SECTION 7.05 Corporate Obligations; Reliance. The rights granted pursuant to the provisions of this Article VII shall vest at the time a person becomes a director or officer of the Corporation and shall be deemed to create a binding contractual obligation on the part of the Corporation to the persons who from time to time are elected as officers or directors of the Corporation, and such persons in acting in their capacities as officers or directors of the Corporation or any subsidiary shall be entitled to rely on such provisions of this Article VII without giving notice thereof to the Corporation. Such rights shall continue as to an indemnitee who has ceased to be a director or officer and shall inure to the benefit of the indemnitee’s heirs, executors and administrators. Any amendment, alteration or repeal of this Article VII that adversely affects any right of an indemnitee or its successors shall be prospective only and shall not limit, eliminate, or impair any such right with respect to any proceeding involving any occurrence or alleged occurrence of any action or omission to act that took place prior to such amendment or repeal.

SECTION 7.06 Insurance. The Corporation may maintain insurance, at its expense, to protect itself and any director, officer, employee or agent of the Corporation or another corporation, partnership, joint venture, trust or other enterprise against any expense, liability or loss, whether or not the Corporation would have the power to indemnify such person against such expense, liability or loss under the DGCL.

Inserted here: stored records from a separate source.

Lemma borel_mem_orbit_colours x :
  borel_set [set u : hom A' S | x \in orbit_colours u].
Proof.
rewrite (_ : [set u | _] = \bigcup_(j in [set: 'I_g'])
    ((fun u => comp u (dF j)) @^-1` [set u | approx_colour u = x])).
  apply: borel_bigcup_countable => // j _.
  by apply: borel_preimage; [exact: precomp_continuous | exact: borel_approx_colour].
apply/seteqP; split=> u /=; first by case/imsetP=> j _ ->; exists j.
by case=> j _ /= <-; apply/imsetP; exists j.
Qed.

Lemma borel_big_colouring i : borel_set (big_colouring @^-1` [set i]).
Proof.
apply: (borel_quotient (finite_grp finD G inA') (haus A' S) _ second_countable_A').
rewrite (_ : _ @^-1` _ = \bigcup_(s in [set s | set_code s = i])
    \bigcap_(x in [set: colour]) (if x \in s then [set u | x \in orbit_colours u]
                                  else ~` [set u | x \in orbit_colours u])).
  apply: borel_bigcup_countable => // s _; apply: borel_bigcap_countable => // x _.
  by case: ifP => _; [|apply: borelC]; exact: borel_mem_orbit_colours.
apply/seteqP; split=> u /=; rewrite big_colouringE.
  by move=> <-; exists (orbit_colours u) => // x _; case: ifP => // /negP.
case=> s /= <- sE; congr set_code; apply/setP => x.
by case: (x \in s) (sE x Logic.I) => [->|/negP/negbTE].
Qed.

Definition pos_colours {B D : C} (h : hom B D) : {set colour} :=
  [set x | `[< exists f : hom A B, pos_colour (comp h f) = x >]]%SET.

Lemma ncolors_mul_le {B D : C} (h : hom B D) :
  (ncolors (chi D) h * g <= #|pos_colours h|)%N.
Proof.
rewrite -[g in (_ * g)%N]card_ord -cardsT -cardsX; apply: subset_leq_card.
apply/fintype.subsetP => -[i j]; rewrite !inE andbT => /asboolP[f chi_f].
have [a Ga idx_j] := orbit_index_onto (comp h f) j.
by exists (comp f a); rewrite /pos_colour compA cls_comp // chi_f idx_j.
Qed.

Definition orbit_colour_sets (w : hom S S) : {set {set colour}} :=
  [set s | `[< exists f : hom A' S, orbit_colours (comp w f) = s >]]%SET.

Lemma card_orbit_colours u : (#|orbit_colours u| <= g')%N.
Proof. by apply: leq_trans (leq_imset_card _ _) _; rewrite card_ord. Qed.

Lemma card_orbit_colour_sets w :
  (#|orbit_colour_sets w| <= ncolors big_colouring w)%N.
Proof.
rewrite -(card_imset _ set_code_inj); apply: subset_leq_card.
apply/fintype.subsetP => _ /imsetP[s + ->]; rewrite !inE => -[f <-].
by exists f; exact: big_colouringE.
Qed.

Lemma pos_colours_approx {B : C} (inB : inD B) (w : hom S S) (v : hom (F B) S) :
  pos_colours (projT2 (Phi B (comp w v))) \subset
    (\bigcup_(s in orbit_colour_sets w) s)%SET.
Proof.
apply/fintype.subsetP => x; rewrite inE => /asboolP[f <-].
have [f' Phi_f'] := appr.2.2.2 A B f (comp w v) inA inB.
apply/bigcupP; exists (orbit_colours (comp w (comp v f'))).
  by rewrite inE; apply/asboolP; exists (comp v f').
have [j0 dj0] := grp_dF _ (grp_id C G A').
by apply/imsetP; exists j0 => //; rewrite dj0 compm1 /approx_colour compA Phi_f'.
Qed.

Lemma ncolors_pullback {B : C} (inB : inD B) (w : hom S S) :
  exists2 D : C, inD D & exists h : hom B D,
    (ncolors (chi D) h * g <= ncolors big_colouring w * g')%N.
Proof.
have [v] := univ _ (appr.1 B inB).
exists (projT1 (Phi B (comp w v))); first exact: appr.2.1.
exists (projT2 (Phi B (comp w v))).
apply: leq_trans (ncolors_mul_le _) _.
apply: leq_trans (subset_leq_card (pos_colours_approx inB w v)) _.
have card_s s : s \in orbit_colour_sets w -> (#|s| <= g')%N.
  by rewrite inE => /asboolP[f <-]; exact: card_orbit_colours.
apply: leq_trans (card_bigcup_le _ id g' card_s) _.
by rewrite leq_mul2r card_orbit_colour_sets orbT.
Qed.
(* Let $U$ be a set with a total order $\preceq$, let $k>1$, and let $\mathcal P$ be a $k$-pattern in $U$ that admits at most one reconstruction from $\preceq$-consecutive points. Let $n$ be a positive integer, $r$ the remainder when $n$ is divided by $k-1$, $V$ an $n$-element subset of $U$, and $(V_1\prec\cdots\prec V_{k-1})$ a $\preceq$-orderly, balanced $(k-1)$-decomposition of $V$. Then $S_{\mathcal P}(V)=(n-r)(n+r-k+1)/(2k-2)$ if and only if for every $j\in\{1,\dots,k-1\}$ and every pair of points $v\prec w$ in $V_j$, there exists a reconstruction $P$ of $\mathcal P$ with $v$ and $w$ as its $j$th and $(j+1)$th points, and this $P$ is a subset of $V$ that is not of echelon $i$ in the decomposition for any $i\neq j$.
   Context: A pattern in $U$ is a collection $\mathcal P$ of finite subsets of $U$; it is a $k$-pattern if every instance has exactly $k$ elements. $S_{\mathcal P}(V)=|\{P\subseteq V:P\in\mathcal P\}|$. The $i$th point of a finite set w.r.t. $\preceq$ is the element with exactly $i-1$ elements of the set below it. For $j\in\{1,\dots,k-1\}$ and $u\prec v$, a reconstruction of $\mathcal P$ with $u,v$ as $j$th and $(j+1)$th points is an instance $P\in\mathcal P$ whose $j$th and $(j+1)$th points are $u,v$; $\mathcal P$ admits at most one reconstruction from $\preceq$-consecutive points if there is at most one such reconstruction for all such $j,u,v$. For $A,B\subseteq U$, $A\prec B$ means $a\prec b$ for all $a\in A,b\in B$. An $\ell$-decomposition of $V$ is a family $(V_1,\dots,V_\ell)$ of pairwise disjoint, possibly empty subsets with union $V$; it is $\preceq$-orderly if any two distinct members are $\prec$-comparable as sets (indexed so $V_1\prec\cdots\prec V_\ell$), and balanced if each $V_i$ has $\lfloor n/\ell\rfloor$ or $\lceil n/\ell\rceil$ elements. A $k$-subset $P=\{p_1\prec\cdots\prec p_k\}$ is of echelon $j$ in $(V_1\prec\cdots\prec V_{k-1})$ if $p_j,p_{j+1}\in V_j$. *)

From HB Require Import structures.
From mathcomp Require Import all_boot all_order all_algebra.
Set Implicit Arguments. Unset Strict Implicit. Unset Printing Implicit Defensive.
Import Order.TTheory GRing.Theory Num.Theory.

SECTION 7.07 Indemnification of Employees and Agents of the Corporation. The Corporation may grant rights to indemnification and to the advancement of expenses to any employee or agent of the Corporation to the fullest extent of the provisions of this Article VII with respect to the indemnification and advancement of expenses of directors and officers of the Corporation.

 

27


ARTICLE VIII

Miscellaneous

SECTION 8.01 Electronic Transmission. For purposes of these Bylaws, “electronic transmission” means any form of communication, not directly involving the physical transmission of paper, that creates a record that may be retained, retrieved, and reviewed by a recipient thereof, and that may be directly reproduced in paper form by such a recipient through an automated process.

SECTION 8.02 Corporate Seal. The Board of Directors may provide a suitable seal, containing the name of the Corporation, which seal shall be in the charge of the Secretary. If and when so directed by the Board of Directors or a committee thereof, duplicates of the seal may be kept and used by the Treasurer or by an Assistant Secretary or Assistant Treasurer.

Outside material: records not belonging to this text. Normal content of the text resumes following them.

(* The map $\mathcal J:\mathcal X_\Lambda\to\mathcal X_J$, $\mathcal J(f)(\theta)=f(\theta)/\theta$ for $\theta\ne0$ and $\mathcal J(f)(0)=\liminf_{\theta\to0}f(\theta)$, is continuous when both spaces carry $\tau_{AW}$.
   Context: For a probability measure $\nu$ let $f_\nu(\theta)=\int e^{\theta x}\nu(dx)\in(0,\infty]$. For $f:\mathbb R\to[-\infty,\infty]$, $\mathrm{epi}(f)=\{(\theta,b):b\ge f(\theta)\}$. On $\mathbb R^2$ use the box metric $d(x,y)=\max(|x_1-y_1|,|x_2-y_2|)$, $d(x,A)=\inf_{y\in A}d(x,y)$, $\overline B_k=\{x:d(0,x)\le k\}$. The Attouch–Wets topology $\tau_{AW}$ has local base at $f$ given by $V_k(f)=\{g:\sup_{x\in\overline B_k}|d(x,\mathrm{epi}(g))-d(x,\mathrm{epi}(f))|<1/k\}$. $\mathcal X_M$ = lower semicontinuous convex $f:\mathbb R\to(0,\infty]$ with $f(0)<\infty$ for which some probability $\nu$ satisfies $f(\theta)=f_\nu(\theta)$ whenever $f(\theta)<\infty$; $\mathcal X_\Lambda=\{\log g:g\in\mathcal X_M\}$ (with $\log\infty=\infty$); $\mathcal X_J$ = functions $f:\mathbb R\to[-\infty,\infty]$ with $f(\theta)=g(\theta)/\theta$ for $\theta\ne0$ and $f(0)=\liminf_{\theta\to0}f(\theta)$ for some $g\in\mathcal X_\Lambda$; for $f\in\mathcal X_J$, $\mathrm{epi}(f)$ denotes the closure in $\mathbb R^2$ of its epigraph (equivalently the epigraph of its lower semicontinuous regularisation), which is used to define $\tau_{AW}$ on $\mathcal X_J$. *)

From Stdlib Require Import Reals Lra List Classical ClassicalEpsilon.
Open Scope R_scope.

Inductive Rbar : Type := Fin (r : R) | PInf | MInf.

Definition Rbar_le (x y : Rbar) : Prop :=
  match x, y with
  | MInf, _ => True
  | _, PInf => True
  | Fin a, Fin b => a <= b
  | _, _ => False
  end.

Definition Rbar_lt (x y : Rbar) : Prop := Rbar_le x y /\ x <> y.

Definition Rbar_is_lub (E : Rbar -> Prop) (l : Rbar) : Prop :=
  (forall x, E x -> Rbar_le x l) /\
  (forall u, (forall x, E x -> Rbar_le x u) -> Rbar_le l u).

Definition Rbar_is_glb (E : Rbar -> Prop) (l : Rbar) : Prop :=
  (forall x, E x -> Rbar_le l x) /\
  (forall u, (forall x, E x -> Rbar_le u x) -> Rbar_le u l).

(** supremum / infimum in [-oo,+oo] (they always exist; chosen by epsilon) *)
Definition Rbar_sup (E : Rbar -> Prop) : Rbar :=
  epsilon (inhabits MInf) (Rbar_is_lub E).
Definition Rbar_inf (E : Rbar -> Prop) : Rbar :=
  epsilon (inhabits PInf) (Rbar_is_glb E).

Definition Rbar_log (x : Rbar) : Rbar :=
  match x with Fin r => Fin (ln r) | PInf => PInf | MInf => MInf end.

Definition Rbar_div (x : Rbar) (t : R) : Rbar :=
  match x with
  | Fin r => Fin (r / t)
  | PInf => if Rlt_dec 0 t then PInf else MInf
  | MInf => if Rlt_dec 0 t then MInf else PInf
  end.

Inductive borel : (R -> Prop) -> Prop :=
| borel_open : forall U, open_set U -> borel U
| borel_compl : forall A, borel A -> borel (fun x => ~ A x)
| borel_union : forall A : nat -> R -> Prop,
    (forall n, borel (A n)) -> borel (fun x => exists n, A n x).

Definition is_prob_measure (mu : (R -> Prop) -> R) : Prop :=
  (forall A, borel A -> 0 <= mu A) /\
  mu (fun _ => True) = 1 /\
  (forall A : nat -> R -> Prop,
     (forall n, borel (A n)) ->
     (forall n m x, n <> m -> A n x -> A m x -> False) ->
     infinite_sum (fun n => mu (A n)) (mu (fun x => exists n, A n x))).

(** nonnegative simple function sum_i c_i 1_{A_i} (A_i disjoint Borel) below g *)
Definition simple_below (mu : (R -> Prop) -> R) (g : R -> R)
  (l : list (R * (R -> Prop))) : Prop :=
  (forall i, (i < length l)%nat ->
     0 <= fst (nth i l (0, fun _ => False)) /\
     borel (snd (nth i l (0, fun _ => False))) /\
     (forall x, snd (nth i l (0, fun _ => False)) x ->
        fst (nth i l (0, fun _ => False)) <= g x)) /\
  (forall i j x, (i < length l)%nat -> (j < length l)%nat -> i <> j ->
     snd (nth i l (0, fun _ => False)) x ->
     snd (nth j l (0, fun _ => False)) x -> False).

Definition simple_integral (mu : (R -> Prop) -> R) (l : list (R * (R -> Prop))) : R :=
  fold_right (fun p acc => fst p * mu (snd p) + acc) 0 l.

Definition integral_nonneg (mu : (R -> Prop) -> R) (g : R -> R) : Rbar :=
  Rbar_sup (fun v => exists l, simple_below mu g l /\ v = Fin (simple_integral mu l)).

Definition mgf (nu : (R -> Prop) -> R) (theta : R) : Rbar :=
  integral_nonneg nu (fun x => exp (theta * x)).

Definition X_M (f : R -> Rbar) : Prop :=
  (forall t, (exists r, f t = Fin r /\ 0 < r) \/ f t = PInf) /\
  f 0 <> PInf /\
  (forall t c, Rbar_lt (Fin c) (f t) ->
     exists d, 0 < d /\ forall t', Rabs (t' - t) < d -> Rbar_lt (Fin c) (f t')) /\
  (forall x y s a b, 0 <= s <= 1 -> f x = Fin a -> f y = Fin b ->
     Rbar_le (f (s * x + (1 - s) * y)) (Fin (s * a + (1 - s) * b))) /\
  (exists nu, is_prob_measure nu /\ forall t, f t <> PInf -> f t = mgf nu t).

Definition X_Lambda (f : R -> Rbar) : Prop :=
  exists g, X_M g /\ forall t, f t = Rbar_log (g t).

Definition liminf0 (h : R -> Rbar) : Rbar :=
  Rbar_sup (fun s => exists d, 0 < d /\
     s = Rbar_inf (fun v => exists t, t <> 0 /\ Rabs t < d /\ v = h t)).

Definition Jmap (f : R -> Rbar) (t : R) : Rbar :=
  if Req_EM_T t 0 then liminf0 (fun u => Rbar_div (f u) u)
  else Rbar_div (f t) t.

Definition X_J (h : R -> Rbar) : Prop :=
  exists g, X_Lambda g /\ forall t, h t = Jmap g t.

Definition boxd (x y : R * R) : R :=
  Rmax (Rabs (fst x - fst y)) (Rabs (snd x - snd y)).

Definition epi (f : R -> Rbar) (p : R * R) : Prop := Rbar_le (f (fst p)) (Fin (snd p)).

Definition closure2 (A : R * R -> Prop) (p : R * R) : Prop :=
  forall e, 0 < e -> exists q, A q /\ boxd p q < e.

Definition dist_set (x : R * R) (A : R * R -> Prop) : Rbar :=
  Rbar_inf (fun v => exists y, A y /\ v = Fin (boxd x y)).

(** [inV k A B]: the function with (closed) epigraph B lies in V_k of the
    function with epigraph A, i.e.
    sup_{x in closed box of radius k} |d(x,B) - d(x,A)| < 1/k. *)
Definition inV (k : nat) (A B : R * R -> Prop) : Prop :=
  exists c, c < / INR k /\
    forall x, boxd (0, 0) x <= INR k ->
      exists d1 d2, dist_set x B = Fin d1 /\ dist_set x A = Fin d2 /\
                    Rabs (d1 - d2) <= c.

(** An element [L = log g] of [X_Lambda] is finite or [+oo], vanishes at [0], and is
    convex because a moment generating function is log-convex (Hoelder's inequality, proved here
    from the definition of the integral through simple functions). Hence the slopes [L t / t] are
    nondecreasing on [t < 0] and across [0]. Attouch-Wets closeness of [epi f] and [epi g] means
    that every point of one of them in a large box is close to a point of the other. At distance
    [d] right of the origin, [(t, s) |-> (t, s / t)] maps epigraphs of [L] onto epigraphs of
    [Jmap L] with Lipschitz constant [O(1 / d)]; near or left of the origin, a point of
    [epi (Jmap f)] moved a fixed amount left and slightly up lands in [epi (Jmap g)], since the
    monotone slopes absorb a small perturbation of the epigraph. So every point of either closed
    epigraph of [Jmap] in a box is [2 e]-close to the other one, which bounds the difference of the
    two distance functions. *)

From Stdlib Require Import Reals Lra Lia List Classical ClassicalEpsilon FunctionalExtensionality PropExtensionality.
Open Scope R_scope.

(** * Order on the extended reals *)

Lemma Rbar_le_trans x y z : Rbar_le x y -> Rbar_le y z -> Rbar_le x z.
Proof. destruct x, y, z; simpl; auto; try lra; tauto. Qed.

Lemma Rbar_le_antisym x y : Rbar_le x y -> Rbar_le y x -> x = y.
Proof. destruct x, y; simpl; try tauto. intros; f_equal; lra. Qed.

SECTION 8.03 Fiscal Year. The fiscal year of the Corporation shall end on the Saturday closest to December 31 of each year, or such other day as the Board of Directors may designate.

SECTION 8.04 Section Headings. Section headings in these Bylaws are for convenience of reference only and shall not be given any substantive effect in limiting or otherwise construing any provision herein.

SECTION 8.05 Inconsistent Provisions. In the event that any provision of these Bylaws is or becomes inconsistent with any provision of the Second

Amended and Restated Certificate of Incorporation, the DGCL or any other applicable law, such provision of these Bylaws shall not be given any effect to the extent of such inconsistency but shall otherwise be given full force and effect.

ARTICLE IX

Amendments

SECTION 9.01 Amendments. The Board of Directors shall have the authority to repeal, alter or amend these Bylaws or adopt new Bylaws, in whole or in part, without the assent or vote of the stockholders in any manner not inconsistent with the laws of the State of Delaware or the Certificate of Incorporation. Unless otherwise provided in the Certificate of Incorporation, these Bylaws may be repealed, altered or amended or new Bylaws adopted at any meeting of the stockholders, either annual or special, by the affirmative vote of the holders of a majority of the voting power of the shares of stock present in person or represented by proxy and entitled to vote at such meeting.